Some people think that truly good and righteous people are just born that way, and that the rest of us can only hope to avoid doing harm, at best. But that’s clearly not Rambam’s (or our own) perspective on things, as he asserts that we *all* have what it takes to achieve spiritual excellence in this world.

Understand, though, that that wasn’t always as self-evident as it seems.

In the past many thinkers contended that certain people were born “heroes”, as they called them, who could do no wrong, while the rest of us are doomed to shlep along in our clumsy, often less-than-righteous ways. In point of fact, that argument is still very much alive today, with some claiming that we’re each genetically “wired” to be one way or the other, without much free will … but that’s not the point here.

There’s something else many thought in the past: it’s that “when a person who subdues his yetzer harah does lofty things”, that is, if a person struggles with his urge to do something wrong and manages to stave off the temptation and to do good instead, he’s nonetheless “not so praiseworthy”. Why? Because he’d still be “longing and yearning to do bad”. They’d grant you that “he’d struggled with his longings” and managed to “withstand the promptings of his personal bents, desires, and disposition”, but their point would be that he’d be “suffering in the process”, that it wouldn’t come naturally to him, so he wouldn’t be all that noble.

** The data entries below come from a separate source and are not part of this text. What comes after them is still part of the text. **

(* Let $L$ be a positive integer, let $r$ be a positive integer with $\mathrm{degree}(r) < L$, and let $p = 2^L \oplus r$. For every positive integer $w$, the degree of $w \star 2^L \bmod p$ is at most $\mathrm{degree}(w) + \mathrm{degree}(r)$. Moreover, if $\mathrm{degree}(w) + \mathrm{degree}(r) < L$, then the degree of $w \star 2^L \bmod p$ is exactly $\mathrm{degree}(w) + \mathrm{degree}(r)$.
   Context: All operations are carry-less. For nonnegative integers $a,b$, with $a_i$ the $i$-th least significant bit of $a$, the carry-less product $a \star b$ is the integer whose $i$-th bit is $\bigoplus_{k=0}^{i} a_{i-k} b_k$; $\oplus$ is bitwise XOR. For a positive integer $x$, $\mathrm{degree}(x)$ is the index (starting at $0$) of its most significant nonzero bit; by convention $\mathrm{degree}(0) = -\infty$. For integers $a$ and $b \neq 0$ there are unique integers $\alpha,\beta$ with $a = \alpha \star b \oplus \beta$ and $\beta = 0$ or $\mathrm{degree}(\beta) < \mathrm{degree}(b)$; one writes $a \div b = \alpha$ and $a \bmod b = \beta$. Precedence: $\star$, $\bmod$, $\div$ first, then $\oplus$. *)

(* carry-less arithmetic on natural numbers (GF(2)[x] encoded in bits). *)
From Stdlib Require Import Arith List Lia Bool.
Import ListNotations.
Open Scope bool_scope.
Open Scope nat_scope.

Definition xorl (l : list bool) : bool := fold_right xorb false l.

Definition bit (a i : nat) : bool := Nat.testbit a i.

Definition clmul_bit (a b i : nat) : bool :=
  xorl (map (fun k => andb (bit a (i - k)) (bit b k)) (seq 0 (S i))).

(* a ⋆ b : the integer whose i-th bit is clmul_bit a b i.  Bits of index
   >= a + b are zero (since a < 2^a, b < 2^b), so summing i < a + b + 1 is exact. *)
Definition clmul (a b : nat) : nat :=
  fold_right Nat.add 0
    (map (fun i => if clmul_bit a b i then 2 ^ i else 0) (seq 0 (a + b + 1))).

Definition clxor (a b : nat) : nat := Nat.lxor a b.

(* degree: index of the most significant nonzero bit; degree 0 = -oo (None) *)
Definition degree (x : nat) : option nat :=
  match x with 0 => None | S _ => Some (Nat.log2 x) end.

Definition deg_le (x n : nat) : Prop :=
  match degree x with None => True | Some d => d <= n end.

(* carry-less remainder by long division: while degree a >= degree b,
   replace a by a ⊕ (b shifted by degree a - degree b).  The fuel a + 1 suffices
   since each step strictly lowers the degree. *)
Fixpoint clmod_aux (fuel a b : nat) : nat :=
  match fuel with
  | 0 => a
  | S f =>
      if (a =? 0) || (Nat.log2 a <? Nat.log2 b) then a
      else clmod_aux f (Nat.lxor a (Nat.shiftl b (Nat.log2 a - Nat.log2 b))) b
  end.

(* a mod b for b <> 0: the unique beta with a = alpha ⋆ b ⊕ beta, beta = 0 or degree beta < degree b *)
Definition clmod (a b : nat) : nat := clmod_aux (S a) a b.

(* Modulo p = x^L + r we have x^L = r, so w x^L reduces to w r, of degree deg w + deg r.  When that
   degree is below L the long division, which clears the bits of w one at a time from the top,
   never disturbs the leading bit of the accumulated low part, and this bit survives to the end. *)

From Stdlib Require Import Arith List Lia Bool.

Lemma lt_pow2_testbit_iff a k : a < 2 ^ k <-> forall i, k <= i -> Nat.testbit a i = false.
Proof.
  split.
  - intros Ha i Hi. destruct (Nat.eq_dec a 0) as [->|Ha0]; [apply Nat.bits_0|].
    apply Nat.bits_above_log2. apply Nat.log2_lt_pow2 in Ha; lia.
  - intros Hbits. replace a with (a mod 2 ^ k).
    + apply Nat.mod_upper_bound, Nat.pow_nonzero; lia.
    + apply Nat.bits_inj; intro i. destruct (Nat.lt_ge_cases i k).
      * now rewrite Nat.mod_pow2_bits_low.
      * now rewrite Nat.mod_pow2_bits_high, Hbits.
Qed.

Lemma lxor_lt_pow2 a b k : a < 2 ^ k -> b < 2 ^ k -> Nat.lxor a b < 2 ^ k.
Proof.
  rewrite !lt_pow2_testbit_iff. intros Ha Hb i Hi.
  now rewrite Nat.lxor_spec, Ha, Hb.
Qed.

Lemma add_mul_pow2_lxor h c k : c < 2 ^ k -> h * 2 ^ k + c = Nat.lxor (h * 2 ^ k) c.
Proof.
  rewrite lt_pow2_testbit_iff. intro Hc.
  apply Nat.add_nocarry_lxor, Nat.bits_inj; intro i.
  rewrite Nat.land_spec, Nat.bits_0. destruct (Nat.lt_ge_cases i k).
  - now rewrite Nat.mul_pow2_bits_low.
  - now rewrite Hc, andb_false_r.
Qed.

Lemma lxor_mul_pow2_add h c h' c' k : c < 2 ^ k -> c' < 2 ^ k ->
  Nat.lxor (h * 2 ^ k + c) (h' * 2 ^ k + c') = Nat.lxor h h' * 2 ^ k + Nat.lxor c c'.
Proof.
  intros Hc Hc'.
  rewrite !add_mul_pow2_lxor by auto using lxor_lt_pow2.
  apply Nat.bits_inj; intro i. rewrite !Nat.lxor_spec.
  destruct (Nat.lt_ge_cases i k).
  - rewrite !Nat.mul_pow2_bits_low by auto. now destruct (Nat.testbit c i).
  - rewrite !Nat.mul_pow2_bits_high, Nat.lxor_spec by auto.
    destruct (Nat.testbit h (i - k)), (Nat.testbit h' (i - k)),
      (Nat.testbit c i), (Nat.testbit c' i); reflexivity.
Qed.

Lemma lxor_pow2_lt c k : c < 2 ^ k -> Nat.lxor (2 ^ k) c = 2 ^ k + c.
Proof. intro Hc. rewrite <- (Nat.mul_1_l (2 ^ k)). symmetry. now apply add_mul_pow2_lxor. Qed.

Lemma lxor_pow2_log2 q : 0 < q -> Nat.lxor q (2 ^ Nat.log2 q) = q - 2 ^ Nat.log2 q.
Proof.
  intro Hq. pose proof (Nat.log2_spec q Hq) as [Hlo Hhi]. rewrite Nat.pow_succ_r' in Hhi.
  set (d := Nat.log2 q) in *.
  assert (Hd : 0 < 2 ^ d) by (apply Nat.neq_0_lt_0, Nat.pow_nonzero; lia).
  pose proof (lxor_mul_pow2_add 1 (q - 2 ^ d) 1 0 d ltac:(lia) ltac:(lia)) as H.
  rewrite Nat.lxor_nilpotent, Nat.lxor_0_r in H.
  replace (1 * 2 ^ d + (q - 2 ^ d)) with q in H by lia.
  replace (1 * 2 ^ d + 0) with (2 ^ d) in H by lia. rewrite H. lia.
Qed.

Lemma degree_Some x k : degree x = Some k <-> 0 < x /\ Nat.log2 x = k.
Proof. destruct x; simpl; split; intuition congruence || lia. Qed.

Lemma degree_lxor_of_lt a b k : degree a = Some k -> b < 2 ^ k -> degree (Nat.lxor a b) = Some k.
Proof.
  rewrite !degree_Some, lt_pow2_testbit_iff. intros [Ha Hk] Hb.
  assert (Hbit : Nat.testbit (Nat.lxor a b) k = true).
  { rewrite Nat.lxor_spec, Hb, <- Hk, Nat.bit_log2 by lia. reflexivity. }
  split.
  - destruct (Nat.lxor a b); [now rewrite Nat.bits_0 in Hbit | lia].
  - apply Nat.log2_bits_unique; auto. intros m Hm.
    rewrite Nat.lxor_spec, Hb, Nat.bits_above_log2 by lia. reflexivity.
Qed.

Lemma lxor_lt_pow2_log2 a b : 0 < a -> 0 < b -> Nat.log2 a = Nat.log2 b ->
  Nat.lxor a b < 2 ^ Nat.log2 a.
Proof.
  intros Ha Hb Hab. apply lt_pow2_testbit_iff. intros i Hi. rewrite Nat.lxor_spec.
  destruct (Nat.eq_dec i (Nat.log2 a)) as [->|Hne].
  - rewrite Hab at 2. rewrite !Nat.bit_log2 by lia. reflexivity.
  - rewrite !Nat.bits_above_log2 by lia. reflexivity.
Qed.

Lemma log2_mul_pow2_add q c k : 0 < q -> c < 2 ^ k -> Nat.log2 (q * 2 ^ k + c) = Nat.log2 q + k.
Proof.
  intros Hq Hc.
  assert (Hdeg : degree (q * 2 ^ k) = Some (k + Nat.log2 q)).
  { apply degree_Some. split; [|apply Nat.log2_mul_pow2; lia].
    apply Nat.mul_pos_pos; auto. apply Nat.neq_0_lt_0, Nat.pow_nonzero; lia. }
  assert (Hlt : c < 2 ^ (k + Nat.log2 q)).
  { apply Nat.lt_le_trans with (2 ^ k); auto. apply Nat.pow_le_mono_r; lia. }
  rewrite add_mul_pow2_lxor by auto.
  apply (degree_lxor_of_lt _ c), degree_Some in Hdeg; auto. lia.
Qed.

Lemma xorl_app l1 l2 : xorl (l1 ++ l2) = xorb (xorl l1) (xorl l2).
Proof. induction l1 as [|b l1 IH]; simpl; [reflexivity|]. now rewrite IH, xorb_assoc. Qed.

Lemma xorl_map_eqb (f : nat -> bool) m n :
  xorl (map (fun k => f k && (m =? k)) (seq 0 n)) = (m <? n) && f m.
Proof.
  induction n as [|n IH]; [reflexivity|].
  rewrite seq_S, map_app, xorl_app, IH. simpl.
  destruct (Nat.lt_trichotomy m n) as [Hlt|[<-|Hgt]].
  - replace (m =? n) with false by (symmetry; apply Nat.eqb_neq; lia).
    replace (m <? n) with true by (symmetry; apply Nat.ltb_lt; lia).
    replace (m <? S n) with true by (symmetry; apply Nat.ltb_lt; lia).
    now destruct (f m), (f n).
  - rewrite Nat.eqb_refl, Nat.ltb_irrefl.
    replace (m <? S m) with true by (symmetry; apply Nat.ltb_lt; lia).
    now destruct (f m).
  - replace (m =? n) with false by (symmetry; apply Nat.eqb_neq; lia).
    replace (m <? n) with false by (symmetry; apply Nat.ltb_ge; lia).
    replace (m <? S n) with false by (symmetry; apply Nat.ltb_ge; lia).
    now destruct (f n).
Qed.

Lemma clmul_bit_pow2_r a m i : clmul_bit a (2 ^ m) i = Nat.testbit (a * 2 ^ m) i.
Proof.
  unfold clmul_bit, bit.
  rewrite (map_ext _ (fun k => Nat.testbit a (i - k) && (m =? k)))
    by (intro k; now rewrite Nat.pow2_bits_eqb).
  rewrite xorl_map_eqb. destruct (Nat.lt_ge_cases i m).
  - rewrite Nat.mul_pow2_bits_low by auto.
    replace (m <? S i) with false by (symmetry; apply Nat.ltb_ge; lia). reflexivity.
  - rewrite Nat.mul_pow2_bits_high by auto.
    replace (m <? S i) with true by (symmetry; apply Nat.ltb_lt; lia). reflexivity.
Qed.

Lemma list_sum_bits x n :
  list_sum (map (fun i => if Nat.testbit x i then 2 ^ i else 0) (seq 0 n)) = x mod 2 ^ n.
Proof.
  induction n as [|n IH]; [reflexivity|].
  rewrite seq_S, map_app, list_sum_app, IH, Nat.pow_succ_r, Nat.mul_comm, Nat.Div0.mod_mul_r by lia.
  simpl. pose proof (Nat.testbit_spec' x n).
  destruct (Nat.testbit x n); simpl in *; lia.
Qed.

Lemma clmul_pow2_r a m : clmul a (2 ^ m) = a * 2 ^ m.
Proof.
  unfold clmul. change (fold_right Nat.add 0 ?l) with (list_sum l).
  rewrite (map_ext _ (fun i => if Nat.testbit (a * 2 ^ m) i then 2 ^ i else 0))
    by (intro i; now rewrite clmul_bit_pow2_r).
  rewrite list_sum_bits. apply Nat.mod_small.
  pose proof (Nat.pow_gt_lin_r 2 a ltac:(lia)).
  pose proof (Nat.pow_gt_lin_r 2 (2 ^ m) ltac:(lia)).
  rewrite !Nat.pow_add_r, Nat.pow_1_r.
  assert (a * 2 ^ m <= 2 ^ a * 2 ^ 2 ^ m) by (apply Nat.mul_le_mono; lia). nia.
Qed.

Lemma clmod_aux_S_low f a b : Nat.log2 a < Nat.log2 b -> clmod_aux (S f) a b = a.
Proof.
  intro H. simpl. apply Nat.ltb_lt in H. rewrite H, orb_true_r. reflexivity.
Qed.

Lemma clmod_aux_S_high f a b : 0 < a -> Nat.log2 b <= Nat.log2 a ->
  clmod_aux (S f) a b = clmod_aux f (Nat.lxor a (Nat.shiftl b (Nat.log2 a - Nat.log2 b))) b.
Proof.
  intros Ha Hab. simpl.
  replace (a =? 0) with false by (symmetry; apply Nat.eqb_neq; lia).
  replace (Nat.log2 a <? Nat.log2 b) with false by (symmetry; apply Nat.ltb_ge; lia).
  reflexivity.
Qed.

(* Each division step lowers the dividend below [2 ^ log2 a], so fuel [f > a] suffices. *)
Lemma clmod_aux_reduced f a b : 0 < b -> a < f ->
  clmod_aux f a b = 0 \/ Nat.log2 (clmod_aux f a b) < Nat.log2 b.
Proof.
  revert a. induction f as [|f IH]; intros a Hb Ha; [lia|].
  destruct (Nat.eq_dec a 0) as [->|Ha0]; [now left|].
  destruct (Nat.lt_ge_cases (Nat.log2 a) (Nat.log2 b)) as [Hlt|Hge].
  - right. now rewrite clmod_aux_S_low.
  - rewrite clmod_aux_S_high by lia. apply IH; auto.
    assert (Hs : 0 < Nat.shiftl b (Nat.log2 a - Nat.log2 b)).
    { rewrite Nat.shiftl_mul_pow2. apply Nat.mul_pos_pos; auto.
      apply Nat.neq_0_lt_0, Nat.pow_nonzero; lia. }
    pose proof (Nat.log2_spec a ltac:(lia)).
    pose proof (lxor_lt_pow2_log2 a _ ltac:(lia) Hs) as Hlx.
    rewrite Nat.log2_shiftl in Hlx by lia. specialize (Hlx ltac:(lia)). lia.
Qed.

Section ReductionModulo.

Variables L r : nat.
Hypothesis r_pos : 0 < r.
Hypothesis r_lt : r < 2 ^ L.

Lemma log2_modulus : Nat.log2 (2 ^ L + r) = L.
Proof. rewrite <- (Nat.mul_1_l (2 ^ L)), log2_mul_pow2_add; auto. Qed.

(* Modulo [x ^ L + r] we have [x ^ (L + d) = x ^ d r]: the leading bit of the high part
   reappears in the low part as [r * 2 ^ d]. *)
Lemma clmod_aux_step f q c : 0 < q -> c < 2 ^ L -> r * 2 ^ Nat.log2 q < 2 ^ L ->
  clmod_aux (S f) (q * 2 ^ L + c) (2 ^ L + r) =
  clmod_aux f ((q - 2 ^ Nat.log2 q) * 2 ^ L + Nat.lxor c (r * 2 ^ Nat.log2 q)) (2 ^ L + r).
Proof.
  intros Hq Hc Hr.
  assert (Hlog : Nat.log2 (q * 2 ^ L + c) = Nat.log2 q + L) by now apply log2_mul_pow2_add.
  rewrite clmod_aux_S_high, Hlog, log2_modulus, Nat.shiftl_mul_pow2
    by (rewrite ?Hlog, ?log2_modulus; nia).
  replace (Nat.log2 q + L - L) with (Nat.log2 q) by lia.
  replace ((2 ^ L + r) * 2 ^ Nat.log2 q) with (2 ^ Nat.log2 q * 2 ^ L + r * 2 ^ Nat.log2 q) by ring.
  now rewrite lxor_mul_pow2_add, lxor_pow2_log2.
Qed.

(* While the high part stays below [2 ^ n], the added terms [r * 2 ^ d] have degree
   below [log2 r + n], so the leading bit of the low part never changes. *)
Lemma clmod_aux_degree_invariant n f q c : Nat.log2 r + n < L -> q < 2 ^ n -> q < f ->
  degree c = Some (Nat.log2 r + n) ->
  degree (clmod_aux f (q * 2 ^ L + c) (2 ^ L + r)) = Some (Nat.log2 r + n).
Proof.
  intro HK. revert q c. induction f as [|f IH]; intros q c Hq Hf Hc; [lia|].
  pose proof Hc as [Hc0 Hlogc]%degree_Some.
  assert (HcL : c < 2 ^ L).
  { pose proof (Nat.log2_spec c Hc0) as [_ Hhi].
    apply Nat.lt_le_trans with (2 ^ S (Nat.log2 c)); auto. apply Nat.pow_le_mono_r; lia. }
  destruct (Nat.eq_dec q 0) as [->|Hq0].
  - rewrite clmod_aux_S_low; auto. rewrite log2_modulus. simpl. lia.
  - set (d := Nat.log2 q).
    assert (Hd : d < n) by (apply Nat.log2_lt_pow2; lia).
    assert (Hrd : r * 2 ^ d < 2 ^ (Nat.log2 r + n)).
    { apply Nat.log2_lt_pow2.
      - apply Nat.mul_pos_pos; auto. apply Nat.neq_0_lt_0, Nat.pow_nonzero; lia.
      - rewrite Nat.log2_mul_pow2; lia. }
    assert (HrL : r * 2 ^ d < 2 ^ L).
    { apply Nat.lt_le_trans with (2 ^ (Nat.log2 r + n)); auto. apply Nat.pow_le_mono_r; lia. }
    pose proof (Nat.log2_spec q ltac:(lia)) as [Hqlo Hqhi]. fold d in Hqlo, Hqhi.
    rewrite clmod_aux_step by (auto; lia). fold d.
    apply IH.
    + rewrite Nat.pow_succ_r' in Hqhi. apply Nat.lt_le_trans with (2 ^ d); [lia|].
      apply Nat.pow_le_mono_r; lia.
    + pose proof (Nat.pow_nonzero 2 d). lia.
    + now apply degree_lxor_of_lt.
Qed.

End ReductionModulo.

Theorem lemma8 (L r : nat) (hL : 0 < L) (hr : 0 < r) (hdr : Nat.log2 r < L) :
  let p := clxor (2 ^ L) r in
  forall w : nat, 0 < w ->
    deg_le (clmod (clmul w (2 ^ L)) p) (Nat.log2 w + Nat.log2 r) /\
    (Nat.log2 w + Nat.log2 r < L ->
       degree (clmod (clmul w (2 ^ L)) p) = Some (Nat.log2 w + Nat.log2 r)).
Proof.
  intros p w Hw.
  assert (HrL : r < 2 ^ L) by (apply Nat.log2_lt_pow2; lia).
  assert (Hp : p = 2 ^ L + r) by (apply lxor_pow2_lt; auto).
  assert (HwL : w <= w * 2 ^ L) by (pose proof (Nat.pow_gt_lin_r 2 L); nia).
  unfold clmod. rewrite Hp, clmul_pow2_r.
  destruct (Nat.lt_ge_cases (Nat.log2 w + Nat.log2 r) L) as [HK|HK].
  - assert (Hdeg : degree (clmod_aux (S (w * 2 ^ L)) (w * 2 ^ L) (2 ^ L + r))
                   = Some (Nat.log2 w + Nat.log2 r)).
    { pose proof (Nat.log2_spec w Hw) as [Hlo Hhi]. rewrite Nat.pow_succ_r' in Hhi.
      assert (Hrw : degree (r * 2 ^ Nat.log2 w) = Some (Nat.log2 r + Nat.log2 w)).
      { apply degree_Some. split; [nia | rewrite Nat.log2_mul_pow2; lia]. }
      assert (Hrw_lt : r * 2 ^ Nat.log2 w < 2 ^ L).
      { apply Nat.log2_lt_pow2; [nia|]. rewrite Nat.log2_mul_pow2; lia. }
      rewrite <- (Nat.add_0_r (w * 2 ^ L)), clmod_aux_step, Nat.lxor_0_l by (auto; lia).
      rewrite (Nat.add_comm (Nat.log2 w)). apply clmod_aux_degree_invariant; auto; lia. }
    unfold deg_le. rewrite Hdeg. auto.
  - pose proof (clmod_aux_reduced (S (w * 2 ^ L)) (w * 2 ^ L) (2 ^ L + r) ltac:(lia) ltac:(lia)).
    rewrite log2_modulus in H by auto.
    unfold deg_le, degree. destruct (clmod_aux _ _ _); lia.
Qed.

The so-called hero or eminent, sinless person would be loftier and more perfect than the one who subdues his yetzer harah, simply because the latter “still longs to do something bad” which indicates “an inherently bad disposition” on his part — even though he hadn’t succumbed.

Their contention was that if you or I were “really” good, we wouldn’t even *think* of sinning. And that struggling not to sin, and even managing to be successful at that, wouldn’t be all that great.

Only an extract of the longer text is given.